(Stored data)
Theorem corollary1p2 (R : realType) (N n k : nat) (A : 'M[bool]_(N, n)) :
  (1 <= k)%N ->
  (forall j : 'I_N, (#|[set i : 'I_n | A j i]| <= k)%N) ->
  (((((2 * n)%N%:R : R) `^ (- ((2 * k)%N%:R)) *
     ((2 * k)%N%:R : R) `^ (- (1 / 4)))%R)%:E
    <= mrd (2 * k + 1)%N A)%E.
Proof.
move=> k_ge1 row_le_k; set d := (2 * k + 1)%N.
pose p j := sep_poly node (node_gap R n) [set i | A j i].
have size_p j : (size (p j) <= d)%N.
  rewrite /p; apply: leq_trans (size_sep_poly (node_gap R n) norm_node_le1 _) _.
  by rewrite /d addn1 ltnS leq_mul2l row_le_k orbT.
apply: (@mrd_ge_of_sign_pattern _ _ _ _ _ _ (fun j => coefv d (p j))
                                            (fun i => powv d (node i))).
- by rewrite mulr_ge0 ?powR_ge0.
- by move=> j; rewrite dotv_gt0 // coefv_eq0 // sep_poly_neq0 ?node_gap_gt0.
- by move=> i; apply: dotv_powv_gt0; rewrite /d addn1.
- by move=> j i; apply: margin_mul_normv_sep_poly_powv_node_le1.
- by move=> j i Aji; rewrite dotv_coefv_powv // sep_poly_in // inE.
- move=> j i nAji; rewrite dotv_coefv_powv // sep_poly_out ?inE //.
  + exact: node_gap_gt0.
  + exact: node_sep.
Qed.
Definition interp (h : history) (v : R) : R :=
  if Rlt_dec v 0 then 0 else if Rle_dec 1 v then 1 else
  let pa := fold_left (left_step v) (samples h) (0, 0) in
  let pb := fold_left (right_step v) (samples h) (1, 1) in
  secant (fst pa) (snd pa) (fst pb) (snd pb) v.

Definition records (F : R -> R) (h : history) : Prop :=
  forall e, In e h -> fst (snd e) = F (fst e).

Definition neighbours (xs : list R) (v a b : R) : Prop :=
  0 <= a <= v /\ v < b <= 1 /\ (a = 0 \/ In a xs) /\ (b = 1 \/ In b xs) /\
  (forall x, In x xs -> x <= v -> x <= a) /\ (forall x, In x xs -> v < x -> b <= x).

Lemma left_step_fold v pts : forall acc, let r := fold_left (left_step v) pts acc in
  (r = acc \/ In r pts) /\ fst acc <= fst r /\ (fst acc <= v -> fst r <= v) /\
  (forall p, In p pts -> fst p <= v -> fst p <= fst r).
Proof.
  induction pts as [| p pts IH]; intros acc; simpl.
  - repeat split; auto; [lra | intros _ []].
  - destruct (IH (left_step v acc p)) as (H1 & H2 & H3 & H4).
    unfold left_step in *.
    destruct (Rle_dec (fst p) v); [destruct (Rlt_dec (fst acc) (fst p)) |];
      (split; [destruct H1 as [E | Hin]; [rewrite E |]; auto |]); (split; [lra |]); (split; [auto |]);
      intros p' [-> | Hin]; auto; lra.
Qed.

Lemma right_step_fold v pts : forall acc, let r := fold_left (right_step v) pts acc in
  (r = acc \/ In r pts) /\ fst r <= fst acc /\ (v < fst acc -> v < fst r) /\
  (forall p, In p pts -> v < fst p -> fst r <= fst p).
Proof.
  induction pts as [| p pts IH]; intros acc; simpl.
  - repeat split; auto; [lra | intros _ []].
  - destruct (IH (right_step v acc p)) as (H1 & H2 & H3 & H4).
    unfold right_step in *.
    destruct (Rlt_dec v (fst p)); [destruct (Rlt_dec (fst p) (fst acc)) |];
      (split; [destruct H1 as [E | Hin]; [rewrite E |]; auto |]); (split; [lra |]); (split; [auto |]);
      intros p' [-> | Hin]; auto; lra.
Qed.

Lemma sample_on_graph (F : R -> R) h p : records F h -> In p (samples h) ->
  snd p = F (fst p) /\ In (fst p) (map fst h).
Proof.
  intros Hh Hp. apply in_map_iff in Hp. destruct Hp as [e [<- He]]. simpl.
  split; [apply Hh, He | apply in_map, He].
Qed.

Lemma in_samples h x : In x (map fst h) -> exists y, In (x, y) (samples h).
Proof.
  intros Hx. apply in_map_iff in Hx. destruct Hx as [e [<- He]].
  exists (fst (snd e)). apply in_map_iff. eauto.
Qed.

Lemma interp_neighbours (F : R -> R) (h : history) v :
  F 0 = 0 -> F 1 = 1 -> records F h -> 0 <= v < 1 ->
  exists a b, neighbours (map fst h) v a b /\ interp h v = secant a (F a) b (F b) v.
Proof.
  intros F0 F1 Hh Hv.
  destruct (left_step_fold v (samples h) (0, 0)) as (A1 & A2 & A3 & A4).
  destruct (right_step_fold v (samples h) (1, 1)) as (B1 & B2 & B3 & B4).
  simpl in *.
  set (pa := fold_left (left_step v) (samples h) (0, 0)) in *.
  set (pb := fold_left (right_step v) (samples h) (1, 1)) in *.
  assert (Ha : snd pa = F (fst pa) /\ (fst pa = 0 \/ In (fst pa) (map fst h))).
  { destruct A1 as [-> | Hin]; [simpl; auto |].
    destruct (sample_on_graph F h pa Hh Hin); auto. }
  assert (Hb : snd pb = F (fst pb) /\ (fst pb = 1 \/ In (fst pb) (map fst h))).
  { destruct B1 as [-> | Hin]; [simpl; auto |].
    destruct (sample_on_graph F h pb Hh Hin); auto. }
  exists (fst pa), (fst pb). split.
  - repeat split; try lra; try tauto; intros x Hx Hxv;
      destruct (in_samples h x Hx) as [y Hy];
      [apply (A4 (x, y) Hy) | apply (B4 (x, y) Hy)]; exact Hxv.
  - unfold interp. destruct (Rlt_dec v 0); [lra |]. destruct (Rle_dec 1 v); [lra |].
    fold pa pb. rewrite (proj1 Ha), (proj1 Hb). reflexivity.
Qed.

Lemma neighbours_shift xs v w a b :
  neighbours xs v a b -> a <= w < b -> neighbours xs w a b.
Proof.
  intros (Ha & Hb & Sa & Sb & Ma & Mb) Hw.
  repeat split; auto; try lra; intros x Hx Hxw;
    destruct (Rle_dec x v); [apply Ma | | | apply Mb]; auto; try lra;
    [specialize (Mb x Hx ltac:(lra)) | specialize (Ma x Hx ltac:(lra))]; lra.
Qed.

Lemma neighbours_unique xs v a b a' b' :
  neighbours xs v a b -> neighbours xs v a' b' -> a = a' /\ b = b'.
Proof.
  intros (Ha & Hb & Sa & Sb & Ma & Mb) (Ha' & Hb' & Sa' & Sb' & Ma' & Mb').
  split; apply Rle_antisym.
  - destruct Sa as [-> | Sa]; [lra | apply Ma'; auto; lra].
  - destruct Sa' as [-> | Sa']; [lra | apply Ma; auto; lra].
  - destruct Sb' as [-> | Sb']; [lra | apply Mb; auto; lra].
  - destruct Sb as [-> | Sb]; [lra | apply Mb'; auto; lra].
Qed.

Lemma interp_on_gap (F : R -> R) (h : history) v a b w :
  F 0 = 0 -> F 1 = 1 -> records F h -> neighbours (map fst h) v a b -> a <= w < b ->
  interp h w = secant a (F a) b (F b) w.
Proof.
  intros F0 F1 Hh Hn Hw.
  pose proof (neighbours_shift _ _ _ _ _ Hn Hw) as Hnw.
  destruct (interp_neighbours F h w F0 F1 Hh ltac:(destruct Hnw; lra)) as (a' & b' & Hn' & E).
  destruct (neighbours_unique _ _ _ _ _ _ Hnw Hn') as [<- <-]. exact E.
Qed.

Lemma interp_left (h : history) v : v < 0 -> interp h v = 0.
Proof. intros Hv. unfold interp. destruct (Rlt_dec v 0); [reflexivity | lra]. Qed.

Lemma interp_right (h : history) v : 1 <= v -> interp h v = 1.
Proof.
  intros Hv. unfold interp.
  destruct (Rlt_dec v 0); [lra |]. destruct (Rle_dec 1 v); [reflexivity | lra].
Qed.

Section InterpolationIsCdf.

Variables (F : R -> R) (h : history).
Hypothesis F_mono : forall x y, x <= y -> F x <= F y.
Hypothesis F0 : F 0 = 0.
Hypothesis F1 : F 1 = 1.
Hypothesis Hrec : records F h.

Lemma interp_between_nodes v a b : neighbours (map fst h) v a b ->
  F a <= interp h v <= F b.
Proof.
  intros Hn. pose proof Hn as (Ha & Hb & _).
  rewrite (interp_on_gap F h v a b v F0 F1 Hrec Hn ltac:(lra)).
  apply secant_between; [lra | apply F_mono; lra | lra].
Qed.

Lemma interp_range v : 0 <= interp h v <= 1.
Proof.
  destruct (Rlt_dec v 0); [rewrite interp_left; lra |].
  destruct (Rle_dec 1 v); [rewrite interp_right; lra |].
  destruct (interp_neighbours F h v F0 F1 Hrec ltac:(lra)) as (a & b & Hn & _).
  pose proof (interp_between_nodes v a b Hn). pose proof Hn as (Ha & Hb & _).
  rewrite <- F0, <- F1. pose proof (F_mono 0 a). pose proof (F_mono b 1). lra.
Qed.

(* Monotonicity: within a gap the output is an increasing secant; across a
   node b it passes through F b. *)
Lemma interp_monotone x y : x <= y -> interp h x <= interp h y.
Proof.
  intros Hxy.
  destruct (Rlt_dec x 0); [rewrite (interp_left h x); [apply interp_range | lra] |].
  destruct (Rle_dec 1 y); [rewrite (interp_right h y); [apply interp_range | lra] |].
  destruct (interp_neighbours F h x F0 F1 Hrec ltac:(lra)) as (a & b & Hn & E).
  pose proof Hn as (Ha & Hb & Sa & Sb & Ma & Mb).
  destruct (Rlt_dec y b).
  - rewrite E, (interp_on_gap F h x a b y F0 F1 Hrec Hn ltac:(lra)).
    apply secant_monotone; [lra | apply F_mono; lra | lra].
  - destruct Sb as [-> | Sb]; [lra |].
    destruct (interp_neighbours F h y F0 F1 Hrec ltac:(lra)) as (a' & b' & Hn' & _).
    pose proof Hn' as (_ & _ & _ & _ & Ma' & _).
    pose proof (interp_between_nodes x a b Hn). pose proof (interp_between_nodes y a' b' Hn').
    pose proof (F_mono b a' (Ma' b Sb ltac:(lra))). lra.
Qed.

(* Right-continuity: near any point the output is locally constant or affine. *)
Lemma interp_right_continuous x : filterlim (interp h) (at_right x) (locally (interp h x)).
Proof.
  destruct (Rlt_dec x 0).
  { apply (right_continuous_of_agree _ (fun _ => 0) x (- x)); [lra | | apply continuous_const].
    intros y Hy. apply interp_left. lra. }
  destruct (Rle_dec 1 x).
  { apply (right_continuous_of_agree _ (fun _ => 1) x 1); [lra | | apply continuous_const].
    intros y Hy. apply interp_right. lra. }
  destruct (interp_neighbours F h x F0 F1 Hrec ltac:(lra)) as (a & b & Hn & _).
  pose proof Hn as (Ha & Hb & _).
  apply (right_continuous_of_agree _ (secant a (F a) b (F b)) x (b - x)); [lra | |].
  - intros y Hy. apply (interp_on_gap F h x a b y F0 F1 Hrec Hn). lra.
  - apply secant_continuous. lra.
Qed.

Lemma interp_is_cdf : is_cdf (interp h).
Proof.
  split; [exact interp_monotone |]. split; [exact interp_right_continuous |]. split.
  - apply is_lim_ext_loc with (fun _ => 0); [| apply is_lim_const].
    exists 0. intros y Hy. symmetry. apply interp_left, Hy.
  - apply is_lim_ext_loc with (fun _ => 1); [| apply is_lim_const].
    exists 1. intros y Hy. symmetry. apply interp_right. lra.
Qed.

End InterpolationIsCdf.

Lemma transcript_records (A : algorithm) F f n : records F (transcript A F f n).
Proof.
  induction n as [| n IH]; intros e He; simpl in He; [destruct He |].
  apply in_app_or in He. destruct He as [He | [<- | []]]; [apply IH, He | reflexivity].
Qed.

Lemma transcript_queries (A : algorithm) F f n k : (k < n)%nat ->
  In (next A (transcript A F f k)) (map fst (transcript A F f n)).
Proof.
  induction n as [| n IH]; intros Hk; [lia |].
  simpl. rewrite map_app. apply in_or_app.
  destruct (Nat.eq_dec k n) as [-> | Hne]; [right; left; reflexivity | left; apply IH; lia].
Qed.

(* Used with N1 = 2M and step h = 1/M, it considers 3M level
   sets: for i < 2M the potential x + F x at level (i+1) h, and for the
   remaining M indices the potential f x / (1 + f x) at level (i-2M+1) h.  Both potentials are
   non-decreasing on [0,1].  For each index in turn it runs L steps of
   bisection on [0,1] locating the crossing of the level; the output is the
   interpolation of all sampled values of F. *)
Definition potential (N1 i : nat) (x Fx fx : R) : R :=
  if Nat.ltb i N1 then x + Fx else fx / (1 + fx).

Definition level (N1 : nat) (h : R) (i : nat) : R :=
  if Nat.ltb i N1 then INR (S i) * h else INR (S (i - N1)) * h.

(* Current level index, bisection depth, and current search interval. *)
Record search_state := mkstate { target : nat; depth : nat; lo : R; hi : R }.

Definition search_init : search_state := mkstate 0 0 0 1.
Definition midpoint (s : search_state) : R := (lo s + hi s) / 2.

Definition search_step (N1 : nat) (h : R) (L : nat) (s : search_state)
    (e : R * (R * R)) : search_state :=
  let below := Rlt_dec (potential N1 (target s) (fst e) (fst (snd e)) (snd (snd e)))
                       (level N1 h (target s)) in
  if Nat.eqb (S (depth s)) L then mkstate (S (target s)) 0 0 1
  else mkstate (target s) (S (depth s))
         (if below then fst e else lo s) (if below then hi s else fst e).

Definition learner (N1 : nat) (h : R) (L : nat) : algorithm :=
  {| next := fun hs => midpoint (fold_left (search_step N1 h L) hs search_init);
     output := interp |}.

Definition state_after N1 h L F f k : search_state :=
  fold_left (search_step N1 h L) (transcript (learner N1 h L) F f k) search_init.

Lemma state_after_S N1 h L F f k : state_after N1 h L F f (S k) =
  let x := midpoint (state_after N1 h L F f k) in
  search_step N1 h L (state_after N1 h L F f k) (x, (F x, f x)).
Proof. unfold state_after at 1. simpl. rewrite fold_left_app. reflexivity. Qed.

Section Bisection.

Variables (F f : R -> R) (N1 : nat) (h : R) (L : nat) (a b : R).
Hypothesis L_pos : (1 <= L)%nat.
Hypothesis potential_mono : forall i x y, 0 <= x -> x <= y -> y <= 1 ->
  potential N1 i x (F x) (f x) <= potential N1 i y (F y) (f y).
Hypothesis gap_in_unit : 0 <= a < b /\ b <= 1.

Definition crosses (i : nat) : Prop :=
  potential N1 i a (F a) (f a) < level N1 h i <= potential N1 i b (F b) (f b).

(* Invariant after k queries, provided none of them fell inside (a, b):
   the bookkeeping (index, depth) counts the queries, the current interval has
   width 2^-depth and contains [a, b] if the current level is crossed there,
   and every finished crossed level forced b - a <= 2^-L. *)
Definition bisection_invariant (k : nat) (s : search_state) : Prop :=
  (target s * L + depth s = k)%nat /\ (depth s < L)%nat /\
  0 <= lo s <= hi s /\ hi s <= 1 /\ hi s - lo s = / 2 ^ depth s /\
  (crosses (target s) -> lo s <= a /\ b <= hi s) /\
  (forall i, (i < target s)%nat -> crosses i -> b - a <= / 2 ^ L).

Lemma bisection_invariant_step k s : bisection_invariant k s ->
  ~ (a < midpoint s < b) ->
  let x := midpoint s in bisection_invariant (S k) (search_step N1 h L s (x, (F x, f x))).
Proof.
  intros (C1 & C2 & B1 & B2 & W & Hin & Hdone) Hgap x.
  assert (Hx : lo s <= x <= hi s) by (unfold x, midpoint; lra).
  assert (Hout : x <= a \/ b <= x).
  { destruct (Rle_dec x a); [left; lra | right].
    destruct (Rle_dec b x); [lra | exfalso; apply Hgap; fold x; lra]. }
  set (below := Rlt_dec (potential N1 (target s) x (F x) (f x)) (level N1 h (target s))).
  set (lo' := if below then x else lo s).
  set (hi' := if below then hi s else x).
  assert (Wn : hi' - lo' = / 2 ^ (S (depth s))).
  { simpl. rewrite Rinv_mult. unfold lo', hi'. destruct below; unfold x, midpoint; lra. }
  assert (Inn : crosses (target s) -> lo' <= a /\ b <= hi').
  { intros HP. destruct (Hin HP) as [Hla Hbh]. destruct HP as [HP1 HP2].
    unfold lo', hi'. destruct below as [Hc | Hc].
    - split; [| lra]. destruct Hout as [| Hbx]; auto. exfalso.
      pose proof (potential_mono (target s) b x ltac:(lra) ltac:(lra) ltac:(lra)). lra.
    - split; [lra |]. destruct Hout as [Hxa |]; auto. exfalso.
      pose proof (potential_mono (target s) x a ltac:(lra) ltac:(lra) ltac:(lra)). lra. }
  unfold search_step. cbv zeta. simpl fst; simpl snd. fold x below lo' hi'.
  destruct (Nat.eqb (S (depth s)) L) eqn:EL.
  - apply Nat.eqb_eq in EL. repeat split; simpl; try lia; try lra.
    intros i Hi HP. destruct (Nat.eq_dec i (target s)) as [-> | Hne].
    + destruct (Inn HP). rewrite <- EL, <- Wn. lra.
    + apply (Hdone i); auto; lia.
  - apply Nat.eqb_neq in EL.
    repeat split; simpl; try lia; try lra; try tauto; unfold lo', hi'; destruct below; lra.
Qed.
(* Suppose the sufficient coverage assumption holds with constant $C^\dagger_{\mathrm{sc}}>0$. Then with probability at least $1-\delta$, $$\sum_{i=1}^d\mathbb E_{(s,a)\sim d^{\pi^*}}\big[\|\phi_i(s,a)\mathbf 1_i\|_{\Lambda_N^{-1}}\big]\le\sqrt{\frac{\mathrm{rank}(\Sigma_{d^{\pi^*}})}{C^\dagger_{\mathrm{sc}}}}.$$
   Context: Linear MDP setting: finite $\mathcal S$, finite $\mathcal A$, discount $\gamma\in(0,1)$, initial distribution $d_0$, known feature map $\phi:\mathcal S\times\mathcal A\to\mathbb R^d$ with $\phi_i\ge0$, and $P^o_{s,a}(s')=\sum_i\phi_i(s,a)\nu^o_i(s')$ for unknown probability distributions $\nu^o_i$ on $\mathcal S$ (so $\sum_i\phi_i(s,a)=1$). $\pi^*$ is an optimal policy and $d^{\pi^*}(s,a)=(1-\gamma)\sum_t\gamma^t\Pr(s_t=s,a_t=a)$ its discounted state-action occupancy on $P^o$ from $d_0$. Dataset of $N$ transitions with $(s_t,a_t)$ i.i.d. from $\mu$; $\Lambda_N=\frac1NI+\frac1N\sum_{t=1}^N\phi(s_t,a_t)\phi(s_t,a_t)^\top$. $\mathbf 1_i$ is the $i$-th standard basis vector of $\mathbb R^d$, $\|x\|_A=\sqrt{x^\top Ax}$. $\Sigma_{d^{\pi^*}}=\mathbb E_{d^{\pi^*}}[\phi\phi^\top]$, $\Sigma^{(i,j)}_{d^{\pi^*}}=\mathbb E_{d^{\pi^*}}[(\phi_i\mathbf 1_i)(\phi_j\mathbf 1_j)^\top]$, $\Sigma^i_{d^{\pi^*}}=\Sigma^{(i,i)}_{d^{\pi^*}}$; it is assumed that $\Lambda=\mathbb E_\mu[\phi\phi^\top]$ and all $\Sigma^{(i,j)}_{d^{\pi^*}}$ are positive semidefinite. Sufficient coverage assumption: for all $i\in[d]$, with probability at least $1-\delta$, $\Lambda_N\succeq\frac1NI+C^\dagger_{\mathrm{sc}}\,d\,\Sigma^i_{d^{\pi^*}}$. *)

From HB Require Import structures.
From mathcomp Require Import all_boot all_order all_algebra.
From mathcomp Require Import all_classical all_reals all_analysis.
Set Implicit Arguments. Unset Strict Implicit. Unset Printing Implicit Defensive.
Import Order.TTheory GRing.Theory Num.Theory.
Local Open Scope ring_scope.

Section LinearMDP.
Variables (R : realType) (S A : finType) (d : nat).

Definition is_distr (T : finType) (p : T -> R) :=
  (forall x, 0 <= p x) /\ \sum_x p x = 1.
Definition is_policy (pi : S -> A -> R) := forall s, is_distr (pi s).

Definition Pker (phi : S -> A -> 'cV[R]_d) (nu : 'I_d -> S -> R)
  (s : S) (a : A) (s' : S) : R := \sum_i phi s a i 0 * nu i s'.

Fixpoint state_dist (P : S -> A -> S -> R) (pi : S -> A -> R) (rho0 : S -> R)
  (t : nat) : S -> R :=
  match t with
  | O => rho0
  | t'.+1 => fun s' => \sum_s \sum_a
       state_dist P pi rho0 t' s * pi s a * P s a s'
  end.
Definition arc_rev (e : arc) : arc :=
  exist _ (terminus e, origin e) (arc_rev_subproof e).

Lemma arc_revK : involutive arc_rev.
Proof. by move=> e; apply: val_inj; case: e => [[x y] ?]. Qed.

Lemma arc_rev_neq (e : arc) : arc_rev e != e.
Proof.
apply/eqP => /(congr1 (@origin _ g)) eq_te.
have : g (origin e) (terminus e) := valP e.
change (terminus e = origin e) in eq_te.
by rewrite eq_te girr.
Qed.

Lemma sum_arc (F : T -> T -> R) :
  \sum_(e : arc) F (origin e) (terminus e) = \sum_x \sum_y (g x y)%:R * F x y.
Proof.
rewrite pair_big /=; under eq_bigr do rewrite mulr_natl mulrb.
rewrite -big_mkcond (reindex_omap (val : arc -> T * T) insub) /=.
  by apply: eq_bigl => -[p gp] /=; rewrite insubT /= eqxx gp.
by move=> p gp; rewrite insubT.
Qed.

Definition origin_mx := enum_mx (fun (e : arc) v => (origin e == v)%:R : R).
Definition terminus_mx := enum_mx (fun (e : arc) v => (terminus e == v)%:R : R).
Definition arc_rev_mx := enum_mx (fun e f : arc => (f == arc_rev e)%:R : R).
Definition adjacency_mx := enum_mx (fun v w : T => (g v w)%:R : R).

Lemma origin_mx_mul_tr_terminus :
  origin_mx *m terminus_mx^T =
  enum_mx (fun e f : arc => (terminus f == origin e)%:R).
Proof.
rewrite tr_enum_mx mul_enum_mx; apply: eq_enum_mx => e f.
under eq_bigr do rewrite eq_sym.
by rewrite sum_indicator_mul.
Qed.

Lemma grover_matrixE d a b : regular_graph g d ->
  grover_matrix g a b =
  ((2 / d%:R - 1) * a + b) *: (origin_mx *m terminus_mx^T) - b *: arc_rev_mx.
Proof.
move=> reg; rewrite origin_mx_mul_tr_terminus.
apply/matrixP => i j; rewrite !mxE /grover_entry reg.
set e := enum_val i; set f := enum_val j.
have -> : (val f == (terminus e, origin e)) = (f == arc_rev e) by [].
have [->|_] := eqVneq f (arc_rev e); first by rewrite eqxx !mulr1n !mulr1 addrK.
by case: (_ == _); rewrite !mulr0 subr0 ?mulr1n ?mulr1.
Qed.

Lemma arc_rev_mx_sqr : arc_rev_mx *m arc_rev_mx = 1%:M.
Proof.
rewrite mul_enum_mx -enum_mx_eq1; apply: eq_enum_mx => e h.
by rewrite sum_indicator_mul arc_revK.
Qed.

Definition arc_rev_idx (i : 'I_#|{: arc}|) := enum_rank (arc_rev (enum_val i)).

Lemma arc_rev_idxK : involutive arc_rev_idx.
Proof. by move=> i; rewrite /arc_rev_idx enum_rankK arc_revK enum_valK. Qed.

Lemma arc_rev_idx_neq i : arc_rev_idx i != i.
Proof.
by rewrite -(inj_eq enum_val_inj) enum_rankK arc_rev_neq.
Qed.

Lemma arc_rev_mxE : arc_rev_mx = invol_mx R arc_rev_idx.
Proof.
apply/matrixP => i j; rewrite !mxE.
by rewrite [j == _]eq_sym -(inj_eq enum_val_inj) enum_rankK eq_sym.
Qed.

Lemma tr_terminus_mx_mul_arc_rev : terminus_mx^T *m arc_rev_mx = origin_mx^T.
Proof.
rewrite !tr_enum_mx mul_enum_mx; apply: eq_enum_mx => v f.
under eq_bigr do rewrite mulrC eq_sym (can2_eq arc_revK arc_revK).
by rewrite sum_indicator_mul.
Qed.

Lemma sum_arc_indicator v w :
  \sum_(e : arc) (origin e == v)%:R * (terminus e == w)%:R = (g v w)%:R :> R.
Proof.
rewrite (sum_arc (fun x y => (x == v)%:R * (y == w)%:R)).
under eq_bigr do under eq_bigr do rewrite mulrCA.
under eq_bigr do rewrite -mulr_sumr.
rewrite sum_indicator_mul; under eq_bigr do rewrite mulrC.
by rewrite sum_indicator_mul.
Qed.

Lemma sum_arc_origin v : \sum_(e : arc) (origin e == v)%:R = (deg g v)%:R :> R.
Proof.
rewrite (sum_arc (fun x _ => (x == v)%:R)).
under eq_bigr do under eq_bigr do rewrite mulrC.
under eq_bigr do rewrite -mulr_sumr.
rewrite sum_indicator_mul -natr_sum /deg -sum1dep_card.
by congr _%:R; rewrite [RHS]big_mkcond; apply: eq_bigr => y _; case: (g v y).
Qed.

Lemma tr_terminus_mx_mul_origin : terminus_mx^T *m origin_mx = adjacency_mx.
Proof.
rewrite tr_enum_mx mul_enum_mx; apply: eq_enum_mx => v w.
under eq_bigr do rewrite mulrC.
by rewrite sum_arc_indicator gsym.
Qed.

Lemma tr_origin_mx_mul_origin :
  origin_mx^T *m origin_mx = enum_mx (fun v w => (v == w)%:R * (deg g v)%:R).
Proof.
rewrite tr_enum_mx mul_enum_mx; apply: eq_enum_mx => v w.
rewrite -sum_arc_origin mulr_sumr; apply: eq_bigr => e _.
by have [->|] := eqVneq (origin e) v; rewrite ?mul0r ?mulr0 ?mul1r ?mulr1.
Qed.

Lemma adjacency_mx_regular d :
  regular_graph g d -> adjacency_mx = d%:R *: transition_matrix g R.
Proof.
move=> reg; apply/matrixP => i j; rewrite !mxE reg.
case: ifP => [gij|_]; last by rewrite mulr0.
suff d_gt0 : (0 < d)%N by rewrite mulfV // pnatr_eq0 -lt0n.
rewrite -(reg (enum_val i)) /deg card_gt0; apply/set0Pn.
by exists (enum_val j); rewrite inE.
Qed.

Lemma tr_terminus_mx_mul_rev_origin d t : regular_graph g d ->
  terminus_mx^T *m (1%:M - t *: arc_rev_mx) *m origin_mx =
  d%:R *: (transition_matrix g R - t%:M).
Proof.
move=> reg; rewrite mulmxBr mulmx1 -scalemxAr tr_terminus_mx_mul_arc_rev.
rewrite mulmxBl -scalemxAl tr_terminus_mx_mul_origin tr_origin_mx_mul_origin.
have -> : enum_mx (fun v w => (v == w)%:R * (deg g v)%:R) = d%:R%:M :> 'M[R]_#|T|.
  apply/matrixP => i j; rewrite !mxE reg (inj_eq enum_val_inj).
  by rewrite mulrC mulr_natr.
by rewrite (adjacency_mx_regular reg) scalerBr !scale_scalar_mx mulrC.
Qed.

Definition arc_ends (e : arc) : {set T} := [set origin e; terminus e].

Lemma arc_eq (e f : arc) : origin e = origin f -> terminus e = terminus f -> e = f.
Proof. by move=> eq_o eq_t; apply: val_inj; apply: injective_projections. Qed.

__What you should do__.
The number alone is wanted: how many lines of the records above include the string "matrixP".

__Written solution__.
4